Humoral immunity to influenza has been much studied both in individual hosts and at the population level. In particular, the gradual antigenic drift and dramatic pandemic shift in the structure of the immunogenic surface hemagglutinin and neuraminidase molecules is one of the best documented cases of rapid evolution in pathogen population dynamics (1, 2). The cellular arm of the immune response against influenza has also been studied in individual hosts or in vitro (3–5). A recent focus of this work has been on the cytotoxic T lymphocyte (CTL) response (6, 7). These influenza studies echo considerable general interest in the importance of CTL responses and their interaction with MHC variability in human and other populations. In particular, the within-host dynamics of CTL responses with the human immune system have been addressed extensively empirically and in theory for HIV and a number of other infections (8, 9). Recently, the population-level signature of CTL restriction has been detected for HIV (10). However, the dynamics of CTL–MHC interactions have not yet been modeled in any system at the population level. Here we derive simple models for the population dynamics of CTL escape mutants of the influenza virus. This is based on recent empirical observations of remarkably rapid fixation of CTL escape mutants in influenza A infections of human populations (6, 11).

In particular, extensive sequencing and analysis of the nucleoprotein gene has shown changes in CTL epitopes of circulating influenza in humans in The Netherlands and other countries (6, 11–13) (Table 1). When mutations do occur, they apparently reach fixation remarkably rapidly. In particular, an epitope on the viral nucleoprotein (NP_383–391), associated with a human MHC allele HLA-B27, disappeared after 1993. A single amino acid mutation (R384G) at the anchor residue of the epitope was sufficient to stop the peptide from binding to its HLA molecule, effectively removing it as a possible CTL target (6). This influenza variant without the CTL target epitope has also appeared in other countries in recent years (12) (Table 1). Earlier isolates show a mutation at the same site that would also have led to removal of the CTL epitope (R384K), during the 1988–1989 (6) and 1971–1972 (13) seasons. In both earlier cases, the mutation did not persist and the previous type resumed circulation.

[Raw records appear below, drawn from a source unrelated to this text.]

(* Consider the simplified community network described below with $\gamma>1$. Its equilibrium points (points $\beta=(\beta_a,\beta_b)\in[0,1]^2$ with $F(\beta)=\beta$) are $\mathbf 0=(0,0)$, $\mathbf 1=(1,1)$, and, when $\max\{p_1/p_2,\,p_2/p_1\}<\gamma$, the interior point $\beta^*=(\beta_a^*,\beta_b^* )$ with $$\beta_a^*=\frac{\gamma\big((\gamma+1)p_1p_2-2p_2+\sqrt{p_1p_2}\,\Delta\big)}{(\gamma-1)\big((\gamma+1)p_1p_2+\sqrt{p_1p_2}\,\Delta\big)},\qquad \beta_b^*=\frac{2\gamma p_1-(\gamma+1)p_1p_2-\sqrt{p_1p_2}\,\Delta}{(\gamma-1)\big((\gamma+1)p_1p_2+\sqrt{p_1p_2}\,\Delta\big)},$$ where $\Delta=\sqrt{4\gamma(1-p_1-p_2)+(\gamma+1)^2p_1p_2}$.
   Context: The simplified community network has two agents $a,b$ with normalized adjacency (transition) matrix $W=\begin{pmatrix}p_1&1-p_1\\1-p_2&p_2\end{pmatrix}$, $p_1,p_2\in[0,1)$ not both zero; equivalently the symmetric weights are $a_{a,a}=p_1(1-p_2)$, $a_{a,b}=a_{b,a}=(1-p_1)(1-p_2)$, $a_{b,b}=p_2(1-p_1)$. Agent $a$ has bias parameter $\gamma_a=\gamma>1$ and agent $b$ has bias parameter $\gamma_b=1/\gamma$. With $f(\mu,\gamma)=\frac{\gamma\mu}{1+(\gamma-1)\mu}$, $\mu_a=p_1\beta_a+(1-p_1)\beta_b$, $\mu_b=(1-p_2)\beta_a+p_2\beta_b$, the map $F$ is $F(\beta_a,\beta_b)=(f(\mu_a,\gamma),f(\mu_b,1/\gamma))$. The condition $\max\{p_1/p_2,p_2/p_1\}<\gamma$ is understood to fail if $p_1=0$ or $p_2=0$. *)

From Stdlib Require Import Reals.
Open Scope R_scope.

Definition f (mu gamma : R) : R := gamma * mu / (1 + (gamma - 1) * mu).

(* The map F of the simplified two-agent community network:
   agent a has bias gamma, agent b has bias 1/gamma. *)
Definition F (p1 p2 gamma : R) (beta : R * R) : R * R :=
  let mu_a := p1 * fst beta + (1 - p1) * snd beta in
  let mu_b := (1 - p2) * fst beta + p2 * snd beta in
  (f mu_a gamma, f mu_b (/ gamma)).

Definition Delta (p1 p2 gamma : R) : R :=
  sqrt (4 * gamma * (1 - p1 - p2) + (gamma + 1) ^ 2 * p1 * p2).

Definition beta_star_a (p1 p2 gamma : R) : R :=
  gamma * ((gamma + 1) * p1 * p2 - 2 * p2 + sqrt (p1 * p2) * Delta p1 p2 gamma)
  / ((gamma - 1) * ((gamma + 1) * p1 * p2 + sqrt (p1 * p2) * Delta p1 p2 gamma)).

Definition beta_star_b (p1 p2 gamma : R) : R :=
  (2 * gamma * p1 - (gamma + 1) * p1 * p2 - sqrt (p1 * p2) * Delta p1 p2 gamma)
  / ((gamma - 1) * ((gamma + 1) * p1 * p2 + sqrt (p1 * p2) * Delta p1 p2 gamma)).

(* max{p1/p2, p2/p1} < gamma, understood to fail if p1 = 0 or p2 = 0 *)
Definition interior_cond (p1 p2 gamma : R) : Prop :=
  0 < p1 /\ 0 < p2 /\ Rmax (p1 / p2) (p2 / p1) < gamma.

Definition in_unit_square (beta : R * R) : Prop :=
  0 <= fst beta <= 1 /\ 0 <= snd beta <= 1.

(* Write [a = gamma - (gamma - 1) beta_a] and [b = 1 + (gamma - 1) beta_b], both in
   [1, gamma].  The fixed-point equations read [mu_a a = beta_a] and [mu_b b = gamma beta_b],
   and the sum of their residuals is [(beta_a - beta_b) (p1 a - p2 b)].  On the diagonal
   only [0] and [1] survive.  Off the diagonal [p1 a = p2 b], which together with
   [a, b] in [1, gamma] forces [p1, p2 > 0] and [p2 / gamma < p1 < gamma p2].  Setting
   [a = 2 gamma p2 / K], [b = 2 gamma p1 / K] turns both equations into the single quadratic
   [resolvent K = 0], with roots [(gamma + 1) p1 p2 -+ sqrt (p1 p2) Delta].  Since
   [a <= gamma] gives [K >= 2 p2] and the quadratic is negative at [2 p2], [K] is the
   larger root, which gives [beta*]. *)

From Stdlib Require Import Reals Psatz.
(* [Defs] is imported after [Reals] so that its [Delta] shadows the one of [Reals]. *)
From Pilot Require Import Defs.
Open Scope R_scope.

Definition fixed_point_eqs (p1 p2 g : R) (beta : R * R) : Prop :=
  let '(x, y) := beta in
  (p1 * x + (1 - p1) * y) * (g - (g - 1) * x) = x /\
  ((1 - p2) * x + p2 * y) * (1 + (g - 1) * y) = g * y.

Definition resolvent (p1 p2 g K : R) : R :=
  K ^ 2 - 2 * (g + 1) * p1 * p2 * K + 4 * g * p1 * p2 * (p1 + p2 - 1).

Definition K_plus (p1 p2 g : R) : R :=
  (g + 1) * p1 * p2 + sqrt (p1 * p2) * Delta p1 p2 g.

Definition K_minus (p1 p2 g : R) : R :=
  (g + 1) * p1 * p2 - sqrt (p1 * p2) * Delta p1 p2 g.

Definition point_of_K (p1 p2 g K : R) : R * R :=
  (g * (K - 2 * p2) / ((g - 1) * K), (2 * g * p1 - K) / ((g - 1) * K)).

Lemma f_fixed_iff (m g x : R) :
  0 < g -> 0 <= m <= 1 -> f m g = x <-> m * (g - (g - 1) * x) = x.
Proof.
  intros Hg Hm. unfold f.
  assert (Hden : 0 < 1 + (g - 1) * m) by nra.
  split; intro H.
  - subst x. field. lra.
  - assert (E : g * m = x * (1 + (g - 1) * m)) by lra.
    rewrite E. field. lra.
Qed.

Lemma f_inv_fixed_iff (m g y : R) :
  0 < g -> 0 <= m <= 1 -> f m (/ g) = y <-> m * (1 + (g - 1) * y) = g * y.
Proof.
  intros Hg Hm. rewrite f_fixed_iff by (auto using Rinv_0_lt_compat).
  replace (m * (/ g - (/ g - 1) * y)) with (m * (1 + (g - 1) * y) / g) by (field; lra).
  set (u := m * (1 + (g - 1) * y)).
  split; intro H.
  - rewrite <- H. field. lra.
  - rewrite H. field. lra.
Qed.

Lemma F_fixed_iff (p1 p2 g : R) (beta : R * R) :
  0 <= p1 <= 1 -> 0 <= p2 <= 1 -> 0 < g -> in_unit_square beta ->
  F p1 p2 g beta = beta <-> fixed_point_eqs p1 p2 g beta.
Proof.
  destruct beta as [x y]. intros Hp1 Hp2 Hg [Hx Hy]. simpl in Hx, Hy.
  unfold F, fixed_point_eqs. simpl.
  rewrite pair_equal_spec, f_fixed_iff, f_inv_fixed_iff by (auto; nra).
  reflexivity.
Qed.

Lemma fixed_point_residuals (p1 p2 g x y : R) :
  ((p1 * x + (1 - p1) * y) * (g - (g - 1) * x) - x) +
  (((1 - p2) * x + p2 * y) * (1 + (g - 1) * y) - g * y)
  = (x - y) * (p1 * (g - (g - 1) * x) - p2 * (1 + (g - 1) * y)).
Proof. ring. Qed.

Lemma fixed_point_eqs_diag (p1 p2 g x : R) :
  g <> 1 -> fixed_point_eqs p1 p2 g (x, x) -> x = 0 \/ x = 1.
Proof.
  intros Hg [Ea _].
  assert (E : (g - 1) * (x * (1 - x)) = 0) by lra.
  destruct (Rmult_integral _ _ E) as [|E']; [lra|].
  destruct (Rmult_integral _ _ E'); lra.
Qed.

Lemma fixed_point_eqs_off_diag (p1 p2 g x y : R) :
  x <> y -> fixed_point_eqs p1 p2 g (x, y) ->
  p1 * (g - (g - 1) * x) = p2 * (1 + (g - 1) * y).
Proof.
  intros Hxy [Ea Eb].
  assert (E : (x - y) * (p1 * (g - (g - 1) * x) - p2 * (1 + (g - 1) * y)) = 0)
    by (rewrite <- fixed_point_residuals; lra).
  destruct (Rmult_integral _ _ E); lra.
Qed.

Lemma Delta_arg_ge0 (p1 p2 g : R) :
  0 <= p1 <= 1 -> 0 <= p2 <= 1 -> 0 <= g ->
  0 <= 4 * g * (1 - p1 - p2) + (g + 1) ^ 2 * p1 * p2.
Proof.
  intros Hp1 Hp2 Hg.
  (* the argument equals [4 g (1 - p1) (1 - p2) + (g - 1)^2 p1 p2] *)
  assert (0 <= 4 * g * ((1 - p1) * (1 - p2))) by (apply Rmult_le_pos; nra).
  assert (0 <= (g - 1) ^ 2 * (p1 * p2)) by (apply Rmult_le_pos; [apply pow2_ge_0 | nra]).
  lra.
Qed.

Lemma resolvent_factor (p1 p2 g K : R) :
  0 <= p1 <= 1 -> 0 <= p2 <= 1 -> 0 <= g ->
  resolvent p1 p2 g K = (K - K_minus p1 p2 g) * (K - K_plus p1 p2 g).
Proof.
  intros Hp1 Hp2 Hg.
  assert (Hsq : (sqrt (p1 * p2) * Delta p1 p2 g) ^ 2
                = p1 * p2 * (4 * g * (1 - p1 - p2) + (g + 1) ^ 2 * p1 * p2)).
  { unfold Delta. rewrite Rpow_mult_distr, !pow2_sqrt; [reflexivity | |].
    - now apply Delta_arg_ge0.
    - nra. }
  unfold resolvent, K_minus, K_plus. nra.
Qed.

Lemma K_minus_le_K_plus (p1 p2 g : R) : K_minus p1 p2 g <= K_plus p1 p2 g.
Proof.
  unfold K_minus, K_plus.
  assert (0 <= sqrt (p1 * p2) * Delta p1 p2 g)
    by (apply Rmult_le_pos; [apply sqrt_pos | apply sqrt_pos]).
  lra.
Qed.

Lemma resolvent_at_2p (p1 p2 g : R) :
  resolvent p1 p2 g (2 * p2) = 4 * p2 * (1 - p1) * (p2 - g * p1).
Proof. unfold resolvent. ring. Qed.

Lemma resolvent_at_2gp (p1 p2 g : R) :
  resolvent p1 p2 g (2 * g * p2) = 4 * g * p2 * (1 - p1) * (g * p2 - p1).
Proof. unfold resolvent. ring. Qed.

Lemma K_plus_sym (p1 p2 g : R) : K_plus p1 p2 g = K_plus p2 p1 g.
Proof.
  unfold K_plus, Delta.
  replace (1 - p2 - p1) with (1 - p1 - p2) by ring.
  replace ((g + 1) ^ 2 * p2 * p1) with ((g + 1) ^ 2 * p1 * p2) by ring.
  rewrite (Rmult_comm p2 p1). ring.
Qed.

Lemma between_roots (r s u : R) : r <= s -> (u - r) * (u - s) < 0 -> r < u < s.
Proof. intros. nra. Qed.

Lemma above_roots (r s v : R) : r < v -> 0 < (v - r) * (v - s) -> s < v.
Proof. intros. nra. Qed.

Lemma K_minus_lt_2p2_lt_K_plus (p1 p2 g : R) :
  0 <= p1 < 1 -> 0 < p2 <= 1 -> 1 < g -> p2 < g * p1 ->
  K_minus p1 p2 g < 2 * p2 < K_plus p1 p2 g.
Proof.
  intros Hp1 Hp2 Hg H21.
  apply between_roots; [apply K_minus_le_K_plus |].
  rewrite <- resolvent_factor, resolvent_at_2p by lra.
  assert (0 < 4 * p2 * (1 - p1)) by nra.
  nra.
Qed.

Lemma K_plus_lt_2gp2 (p1 p2 g : R) :
  0 <= p1 < 1 -> 0 < p2 <= 1 -> 1 < g -> p1 < g * p2 -> p2 < g * p1 ->
  K_plus p1 p2 g < 2 * g * p2.
Proof.
  intros Hp1 Hp2 Hg H12 H21.
  pose proof (K_minus_lt_2p2_lt_K_plus p1 p2 g Hp1 Hp2 Hg H21).
  apply (above_roots (K_minus p1 p2 g)); [nra |].
  rewrite <- resolvent_factor, resolvent_at_2gp by lra.
  assert (0 < 4 * g * p2 * (1 - p1)) by (repeat apply Rmult_lt_0_compat; lra).
  nra.
Qed.

Lemma K_plus_bounds (p1 p2 g : R) :
  0 < p1 < 1 -> 0 < p2 < 1 -> 1 < g -> p1 < g * p2 -> p2 < g * p1 ->
  2 * p2 < K_plus p1 p2 g < 2 * g * p2 /\ 2 * p1 < K_plus p1 p2 g < 2 * g * p1.
Proof.
  intros Hp1 Hp2 Hg H12 H21.
  pose proof (K_minus_lt_2p2_lt_K_plus p1 p2 g ltac:(lra) ltac:(lra) Hg H21).
  pose proof (K_minus_lt_2p2_lt_K_plus p2 p1 g ltac:(lra) ltac:(lra) Hg H12).
  pose proof (K_plus_lt_2gp2 p1 p2 g ltac:(lra) ltac:(lra) Hg H12 H21).
  pose proof (K_plus_lt_2gp2 p2 p1 g ltac:(lra) ltac:(lra) Hg H21 H12).
  rewrite (K_plus_sym p2 p1) in *. lra.
Qed.

Lemma resolvent_root_unique (p1 p2 g K : R) :
  0 <= p1 < 1 -> 0 < p2 <= 1 -> 1 < g -> p2 < g * p1 ->
  2 * p2 <= K -> resolvent p1 p2 g K = 0 -> K = K_plus p1 p2 g.
Proof.
  intros Hp1 Hp2 Hg H21 HK E. rewrite resolvent_factor in E by lra.
  pose proof (K_minus_lt_2p2_lt_K_plus p1 p2 g Hp1 Hp2 Hg H21).
  destruct (Rmult_integral _ _ E); lra.
Qed.

Lemma point_of_K_fixed_iff (p1 p2 g K : R) :
  1 < g -> 0 < K ->
  fixed_point_eqs p1 p2 g (point_of_K p1 p2 g K) <-> resolvent p1 p2 g K = 0.
Proof.
  intros Hg HK. unfold fixed_point_eqs, point_of_K.
  set (x := g * (K - 2 * p2) / ((g - 1) * K)).
  set (y := (2 * g * p1 - K) / ((g - 1) * K)).
  assert (Ea : (g - 1) * K ^ 2 * ((p1 * x + (1 - p1) * y) * (g - (g - 1) * x) - x)
               = - g * resolvent p1 p2 g K)
    by (unfold x, y, resolvent; field; lra).
  assert (Eb : (g - 1) * K ^ 2 * (((1 - p2) * x + p2 * y) * (1 + (g - 1) * y) - g * y)
               = g * resolvent p1 p2 g K)
    by (unfold x, y, resolvent; field; lra).
  assert (0 < (g - 1) * K ^ 2) by (apply Rmult_lt_0_compat; nra).
  split.
  - intros [_ Eb0]. rewrite Eb0, Rminus_diag, Rmult_0_r in Eb. nra.
  - intro E. rewrite E in Ea, Eb. split; nra.
Qed.

Lemma point_of_K_in_open_square (p1 p2 g K : R) :
  1 < g -> 2 * p2 < K < 2 * g * p2 -> 2 * p1 < K < 2 * g * p1 ->
  0 < fst (point_of_K p1 p2 g K) < 1 /\ 0 < snd (point_of_K p1 p2 g K) < 1.
Proof.
  intros Hg HK2 HK1. simpl.
  assert (HK : 0 < K) by nra.
  assert (Hd : 0 < (g - 1) * K) by (apply Rmult_lt_0_compat; lra).
  split; split.
  - apply Rdiv_lt_0_compat; [apply Rmult_lt_0_compat |]; lra.
  - apply Rlt_0_minus.
    replace (1 - _) with ((2 * g * p2 - K) / ((g - 1) * K)) by (field; lra).
    apply Rdiv_lt_0_compat; lra.
  - apply Rdiv_lt_0_compat; lra.
  - apply Rlt_0_minus.
    replace (1 - _) with (g * (K - 2 * p1) / ((g - 1) * K)) by (field; lra).
    apply Rdiv_lt_0_compat; [apply Rmult_lt_0_compat |]; lra.
Qed.

Lemma div_lt_iff (a b c : R) : 0 < b -> a / b < c <-> a < c * b.
Proof.
  intro Hb. assert (E : a / b * b = a) by (field; lra).
  split; intro H; nra.
Qed.

Lemma interior_cond_iff (p1 p2 g : R) :
  interior_cond p1 p2 g <-> 0 < p1 /\ 0 < p2 /\ p1 < g * p2 /\ p2 < g * p1.
Proof.
  unfold interior_cond. split.
  - intros (H1 & H2 & H). rewrite Rmax_Rlt, !div_lt_iff in H by lra. lra.
  - intros (H1 & H2 & H). rewrite Rmax_Rlt, !div_lt_iff by lra. lra.
Qed.

Lemma balance_interior (p1 p2 g x y : R) :
  0 <= p1 -> 0 <= p2 -> ~ (p1 = 0 /\ p2 = 0) -> 1 < g ->
  0 <= x <= 1 -> 0 <= y <= 1 -> x <> y ->
  p1 * (g - (g - 1) * x) = p2 * (1 + (g - 1) * y) ->
  0 < p1 /\ 0 < p2 /\ p1 < g * p2 /\ p2 < g * p1.
Proof.
  intros Hp1 Hp2 Hp Hg Hx Hy Hxy Hbal.
  assert (1 <= g - (g - 1) * x) by nra.
  assert (1 <= 1 + (g - 1) * y) by nra.
  assert (0 < p1).
  { destruct (Rle_lt_or_eq_dec 0 p1 Hp1) as [| <-]; [assumption | exfalso].
    apply Hp. split; nra. }
  assert (0 < p2).
  { destruct (Rle_lt_or_eq_dec 0 p2 Hp2) as [| <-]; [assumption | exfalso].
    apply Hp. split; nra. }
  assert (g * p1 - p2 = (g - 1) * (p1 * x + p2 * y)) by lra.
  assert (g * p2 - p1 = (g - 1) * (p1 * (1 - x) + p2 * (1 - y))) by lra.
  assert (0 < p1 * x + p2 * y) by (destruct (Rlt_or_le 0 x); nra).
  assert (0 < p1 * (1 - x) + p2 * (1 - y)) by (destruct (Rlt_or_le x 1); nra).
  repeat split; nra.
Qed.

Lemma balance_point_of_K (p1 p2 g x y : R) :
  0 < p2 -> 1 < g -> 0 <= x <= 1 ->
  p1 * (g - (g - 1) * x) = p2 * (1 + (g - 1) * y) ->
  exists K, 2 * p2 <= K /\ (x, y) = point_of_K p1 p2 g K.
Proof.
  intros Hp2 Hg Hx Hbal.
  assert (Ha : 1 <= g - (g - 1) * x <= g) by nra.
  exists (2 * g * p2 / (g - (g - 1) * x)). split.
  - apply Rmult_le_reg_r with (g - (g - 1) * x); [lra |].
    field_simplify; nra.
  - unfold point_of_K. f_equal.
    + field. nra.
    + transitivity ((p1 * (g - (g - 1) * x) / p2 - 1) / (g - 1)).
      * rewrite Hbal. field. lra.
      * field. repeat split; lra.
Qed.

Lemma beta_star_eq (p1 p2 g : R) :
  (beta_star_a p1 p2 g, beta_star_b p1 p2 g) = point_of_K p1 p2 g (K_plus p1 p2 g).
Proof.
  unfold beta_star_a, beta_star_b, point_of_K, K_plus. f_equal; f_equal; ring.
Qed.

Lemma beta_star_in_open_square (p1 p2 g : R) :
  p1 < 1 -> p2 < 1 -> 1 < g -> interior_cond p1 p2 g ->
  0 < beta_star_a p1 p2 g < 1 /\ 0 < beta_star_b p1 p2 g < 1.
Proof.
  intros Hp1 Hp2 Hg Hint. apply interior_cond_iff in Hint.
  destruct (K_plus_bounds p1 p2 g) as [B2 B1]; try lra.
  pose proof (point_of_K_in_open_square p1 p2 g _ Hg B2 B1) as H.
  rewrite <- beta_star_eq in H. exact H.
Qed.

Lemma beta_star_fixed (p1 p2 g : R) :
  p1 < 1 -> p2 < 1 -> 1 < g -> interior_cond p1 p2 g ->
  fixed_point_eqs p1 p2 g (beta_star_a p1 p2 g, beta_star_b p1 p2 g).
Proof.
  intros Hp1 Hp2 Hg Hint. apply interior_cond_iff in Hint.
  destruct (K_plus_bounds p1 p2 g) as [B2 _]; try lra.
  rewrite beta_star_eq, point_of_K_fixed_iff by lra.
  rewrite resolvent_factor by lra. ring.
Qed.

Lemma off_diagonal_fixed_point (p1 p2 g x y : R) :
  0 <= p1 < 1 -> 0 <= p2 < 1 -> ~ (p1 = 0 /\ p2 = 0) -> 1 < g ->
  0 <= x <= 1 -> 0 <= y <= 1 -> x <> y -> fixed_point_eqs p1 p2 g (x, y) ->
  interior_cond p1 p2 g /\ (x, y) = (beta_star_a p1 p2 g, beta_star_b p1 p2 g).
Proof.
  intros Hp1 Hp2 Hp Hg Hx Hy Hxy E.
  pose proof (fixed_point_eqs_off_diag p1 p2 g x y Hxy E) as Hbal.
  destruct (balance_interior p1 p2 g x y) as (H1 & H2 & H12 & H21); try tauto; try lra.
  split; [apply interior_cond_iff; auto |].
  destruct (balance_point_of_K p1 p2 g x y H2 Hg Hx Hbal) as (K & HK & Exy).
  rewrite beta_star_eq, Exy. f_equal.
  rewrite Exy, point_of_K_fixed_iff in E by lra.
  apply resolvent_root_unique; lra.
Qed.

Theorem proposition4 (p1 p2 gamma : R)
  (hp1 : 0 <= p1 < 1) (hp2 : 0 <= p2 < 1) (hp : ~ (p1 = 0 /\ p2 = 0))
  (hgamma : 1 < gamma) :
  (interior_cond p1 p2 gamma ->
     0 < beta_star_a p1 p2 gamma < 1 /\ 0 < beta_star_b p1 p2 gamma < 1) /\
  (forall beta : R * R, in_unit_square beta ->
     (F p1 p2 gamma beta = beta <->
       (beta = (0, 0) \/ beta = (1, 1) \/
        (interior_cond p1 p2 gamma /\
         beta = (beta_star_a p1 p2 gamma, beta_star_b p1 p2 gamma))))).
Proof.
  split; [apply beta_star_in_open_square; lra |].
  intros beta Hbeta.
  rewrite F_fixed_iff by (auto; lra).
  split.
  - destruct beta as [x y], Hbeta as [Hx Hy]. simpl in Hx, Hy.
    intro E. destruct (Req_dec x y) as [<- | Hxy].
    + destruct (fixed_point_eqs_diag p1 p2 gamma x) as [-> | ->]; auto; lra.
    + right; right. now apply off_diagonal_fixed_point.
  - intros [-> | [-> | [Hc ->]]]; [split; ring | split; ring |].
    now apply beta_star_fixed.
Qed.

Table 1. HLA-B27-associated CTL escape mutants: Summary of frequencies of amino acid 384 on nucleoprotein.

	No. of amino acids at position 384 of NP
Year	R	K	G	Source
1933-1968	11	0	0	Shu (13)
1971	0	1	0
1972	4	1	0
1973-1990	32	0	0
1989-1990	46	13	0	Voeten (6)
1991-1992	16	0	0
1992-1993	16	0	0
1993-1994	0	0	56
1998-1999	0	0	15
1993	1	0	0	Lindstrom (12)
1994	0	0	1
1995-1996	6	0	0
1997	0	0	2

This table summarizes the results from three different sources, giving the number of isolates with a particular amino acid at position 384 of the nucleoprotein gene. When R is present at this site, it is known to be an anchor residue of a HLA-B27 restricted CTL epitope. The epitope was completely ineffective in the isolates with either of the alternate amino acids (6).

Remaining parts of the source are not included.